Jazz historian, pianist and retired Rutgers-Newark Professor of Music Dr. Lewis Porter plans to spend more time on his own music these days.
With that goal in mind, Dr. Porter gave his final Deep Dive analysis for WBGO this week, an in-depth analysis of John Coltrane's riveting instrumental "Alabama," which was the saxophonist's reaction to the horrific 1963 bombing of a church in Birmingham.
Dr. Porter spent more than four decades in the educational sector but the administrative duties associated with being a full-time professor became draining for him. As he reflects in our interview for the WBGO Journal, he will always love teaching, especially his Jazz History program.

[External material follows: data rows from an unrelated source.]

Lemma koszul_regular_flat (A B : comNzRingType) (f : {rmorphism A -> B}) n
    (y : 'I_n -> A) :
  flat_hom f -> koszul_regular y -> koszul_regular (f \o y).
Proof.
move=> flat_f kr l l_gt0 c sc dc.
have eqns_c e : \sum_I f (koszul_cycle_eqn y l e I) * c I = 0.
  under eq_bigr do rewrite rmorph_koszul_cycle_eqn.
  by have /koszul_cycle_eqnP := conj sc dc.
have [k [a [u [ca eqns_a]]]] := flat_hom_solutions flat_f eqns_c.
have /fin_all_exists [b bP] (j : 'I_k) : exists bj : {ffun {set 'I_n} -> A},
    supported l.+1 bj /\ koszul_d y bj = [ffun I => a I j].
  suff /koszul_cycle_eqnP[] : forall e,
      \sum_I koszul_cycle_eqn y l e I * [ffun I => a I j] I = 0 by exact: kr.
  by move=> e; under eq_bigr do rewrite ffunE; apply: eqns_a.
exists [ffun I => \sum_j f (b j I) * u j]; split.
  move=> I hI; rewrite ffunE big1 // => j _.
  by rewrite (proj1 (bP j)) // rmorph0 mul0r.
apply/ffunP => K; rewrite ffunE ca.
under eq_bigr => i _ do rewrite ffunE /= big_distrr.
rewrite exchange_big; apply: eq_bigr => j _ /=.
rewrite -[a K j](ffunE (fun I => a I j)) -(proj2 (bP j)) ffunE rmorph_sum big_distrl.
by apply: eq_bigr => i _; rewrite !rmorphM /ksign rmorph_sign mulrA.
Qed.

Lemma lift_koszul_cycles (A : comNzRingType) n (w : nat -> 'I_n -> A) l
    (a : {ffun {set 'I_n} -> {poly A}}) :
  (forall k, koszul_regular (w k)) -> (0 < l)%N -> supported l a ->
  (forall k, koszul_d (w k) (chain_coef a k) = 0) ->
  exists b, supported l.+1 b /\ forall k, koszul_d (w k) (chain_coef b k) = chain_coef a k.
Proof.
move=> kr l_gt0 sa da; have [N aN0] := chain_coef_eventually0 a.
have [b bP] := @bounded_choice _ 0
  (fun k bk => supported l.+1 bk /\ koszul_d (w k) bk = chain_coef a k) N
  (fun k _ => kr k l l_gt0 _ (supported_chain_coef k sa) (da k)).
exists (chain_of_coefs N b); split.
  by apply: supported_chain_of_coefs => k /bP[].
move=> k; rewrite chain_coef_of_coefs; case: ltnP => [/bP[] // | /aN0 ->].
exact: raddf0.
Qed.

"I always said that what I was really doing was teaching critical thinking, with jazz as the example or as the platform for teaching it," he says. "I must say, the most satisfying thing to this day is to run into a former student — even someone who just took a couple of semester with me like [trumpeter] Sean Jones or [drummer] Chris Beck — and to have them say, 'I'm still reading books and finding things of interest based on things you inspired me to look into.' Every semester there would be a few evaluations that said 'This course has not only taught me about jazz, it's taught me how to think and it's changed my outlook on life.'"
During the pandemic, Dr. Porter had to cancel 16 concerts in April and May, but he was able to release his latest album, Transcendent (Sunnyside), a collaboration with guitarist Ray Suhy. "That album has got some great reviews," Dr. Porter says. "Some people may say this is a different direction for me. It's kind of rock-oriented and the guitar player, he plays with Cannabis Corpse and Six Feet Under, really hardcore rock bands. One of the great things about it is that he really can play. He's a terrific musician and is just a great guy. I brought in my first-call rhythm section of Brad Jones and Rudy Royston, so the combination just seems to work. We have a ball playing together."
The author of two books on John Coltrane and two on Lester Young, Dr. Porter says he has enjoyed producing Deep Dive for WBGO, and knows his relationship with the station will continue in other ways. "It's been a terrific association, and I'm sure we'll continued to be associated," he says. "One thing that speaks very well for the station is the length of time that people stay there. Our friend Gary Walker was awfully nice when my solo piano album came out just last year. He invited me over and I gave a solo piano concert. A great group of people, and it's so important to keep the music going."